Margaret no dijo nada más, recordó cuando conoció a Michael. Tanta vehemencia y arrogancia en sus palabras, «usted no me conoce… y por supuesto que soy infinitamente mejor que ellos», y todo resultó cierto. El actuar de Michael, aunque no era nada ortodoxo, fue la mejor opción.
―«… Lord Swindon, sin imaginar que lord Bolton ―continuó el señor Wolf―, tendría la inmoral y férrea voluntad de reclamar a su esposa e hijos como forma de pago, firmó un acuerdo, en el cual le cedía todos los derechos de propiedad de su esposa, y tutela de sus hijos. Y, asumiendo, que la honorabilidad de lord Bolton no llegaría a tan deleznables niveles, no se preocupó más allá, puesto que su esposa, por motivos de salud mental, se encontraba viviendo en una propiedad, que en ese instante le pertenecía a sir Walter Ackerman, denominada Garden Cottage, ubicada en North Yorkshshire, específicamente en la ciudad de Richmond.

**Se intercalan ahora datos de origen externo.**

(* Let $s\in(0,1)$ and suppose the jump kernels $j_1^{(n)}$ satisfy the upper bound with this $s$. Then for every $u\in\operatorname{Lip}([0,1])$, $\widetilde{\mathcal{E}}_1^{(\infty)}(u)=\mathcal{E}_1^{(\infty)}(u)$.
   Context: Index graph: vertices $\mathbb{N}$; vertex $i$ has edges $e_{i,2i-2}$ to $2i-2$ (only if $i\ge2$), $e_{i,2i-1},e'_{i,2i-1}$ to $2i-1$, $e_{i,2i}$ to $2i$, weights $r_e>0$ with $r_{e_{i,2i-1}}=r_{e'_{i,2i-1}}$. For $e$ from $i$ to $j$, $\phi_e(x)=\frac{j}{2i}x+s_e$, $s_e=0$ for $e\in\{e_{i,2i-1},e_{i,2i}\}$, $s_e=\frac1{2i}$ for $e\in\{e_{i,2i-2},e'_{i,2i-1}\}$. $E_1^{(n)}$: paths $\sigma=e_1\cdots e_n$ of length $n$ from vertex $1$; $\phi_\sigma=\phi_{e_1}\circ\cdots\circ\phi_{e_n}$, $\delta_\sigma=r_{e_1}\cdots r_{e_n}$. $V_1^{(n)}=\{k/2^n\}_{k=0}^{2^n}$; the wires $\{\phi_\sigma(0),\phi_\sigma(1)\}$, $\sigma\in E_1^{(n)}$, are all pairs of distinct points of $V_1^{(n)}$, each with a unique path $\sigma^{(n)}_{x,y}$. $U_1^{(n)}(x)=[x-2^{-n-1},x+2^{-n-1})\cap[0,1]$, $\mu_1^{(n)}(x)=|U_1^{(n)}(x)|$. Kernel $j_1^{(n)}(x,y)=(\delta_{\sigma^{(n)}_{x,y}}\mu_1^{(n)}(x)\mu_1^{(n)}(y))^{-1}$ for $x\ne y$, $0$ for $x=y$. $\mathcal{E}_1^{(n)}(u)=\sum_{x,y\in V_1^{(n)}}(u(x)-u(y))^2j_1^{(n)}(x,y)\mu_1^{(n)}(x)\mu_1^{(n)}(y)$. Upper bound: there is $\Lambda_1>0$ with $0<j_1^{(n)}(x,y)\le\Lambda_1|x-y|^{-1-2s}$ for all $n\ge0$ and distinct $x,y\in V_1^{(n)}$. $\mathcal{E}_1^{(\infty)}(u)=\lim_n\mathcal{E}_1^{(n)}(u|_{V_1^{(n)}})$; $\operatorname{Avg}_1^{(n)}u(\bar x)=\frac1{|U_1^{(n)}(\bar x)|}\int_{U_1^{(n)}(\bar x)}u\,dx$; $\widetilde{\mathcal{E}}_1^{(\infty)}(u)=\lim_n\mathcal{E}_1^{(n)}(\operatorname{Avg}_1^{(n)}u)$. *)

From Stdlib Require Import Reals Lra List ClassicalEpsilon.
From Coquelicot Require Import Coquelicot.
Import ListNotations.
Open Scope R_scope.

(* Edge types out of a vertex i of the index graph:
   Edown  = e_{i,2i-2} (exists only if i >= 2),
   Eodd   = e_{i,2i-1},  Eodd' = e'_{i,2i-1},  Eeven = e_{i,2i}. *)
Inductive etype := Edown | Eodd | Eodd' | Eeven.

Definition etarget (i : nat) (t : etype) : nat :=
  match t with
  | Edown => 2 * i - 2
  | Eodd | Eodd' => 2 * i - 1
  | Eeven => 2 * i
  end.

Definition edge_exists (i : nat) (t : etype) : Prop :=
  (1 <= i)%nat /\ (t = Edown -> (2 <= i)%nat).

Definition eshift (i : nat) (t : etype) : R :=
  match t with
  | Edown | Eodd' => / (2 * INR i)
  | Eodd | Eeven => 0
  end.

Definition phi_e (i : nat) (t : etype) (x : R) : R :=
  INR (etarget i t) / (2 * INR i) * x + eshift i t.

Fixpoint valid_path (v : nat) (p : list etype) : Prop :=
  match p with
  | [] => True
  | t :: p' => edge_exists v t /\ valid_path (etarget v t) p'
  end.

Fixpoint phi_path (v : nat) (p : list etype) (x : R) : R :=
  match p with
  | [] => x
  | t :: p' => phi_e v t (phi_path (etarget v t) p' x)
  end.

Fixpoint delta_path (r : nat -> etype -> R) (v : nat) (p : list etype) : R :=
  match p with
  | [] => 1
  | t :: p' => r v t * delta_path r (etarget v t) p'
  end.

Definition wire_path (n : nat) (x y : R) (p : list etype) : Prop :=
  valid_path 1 p /\ length p = n /\
  ((phi_path 1 p 0 = x /\ phi_path 1 p 1 = y) \/
   (phi_path 1 p 0 = y /\ phi_path 1 p 1 = x)).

»A mediados del mes de octubre, mi cliente, gracias a la voluntad de Dios, comenzó rápidamente a recuperar su propiedades más importantes, por lo que su precaria situación económica volvió a ser la que le correspondía a su posición. Fue un trabajo arduo que le demandó todo su tiempo y esfuerzos, dejó los vicios que, por poco, lo sumieron en la más absoluta pobreza. Todo transcurría con éxito, pero, a mediados de noviembre, se difunde el rumor de la apuesta, lo cual le recordó a mi cliente que debía recuperar a su esposa e hijos. Buscó, infructuosamente, a lord Bolton en todo Londres, y grande fue su sorpresa al confirmar que su lady Swindon había vuelto desde Richmond, manteniendo una relación ilícita con el demandado, por lo que, solo en ese instante, mi cliente se dio cuenta de las verdaderas e indecentes intenciones de lord Bolton desde un principio.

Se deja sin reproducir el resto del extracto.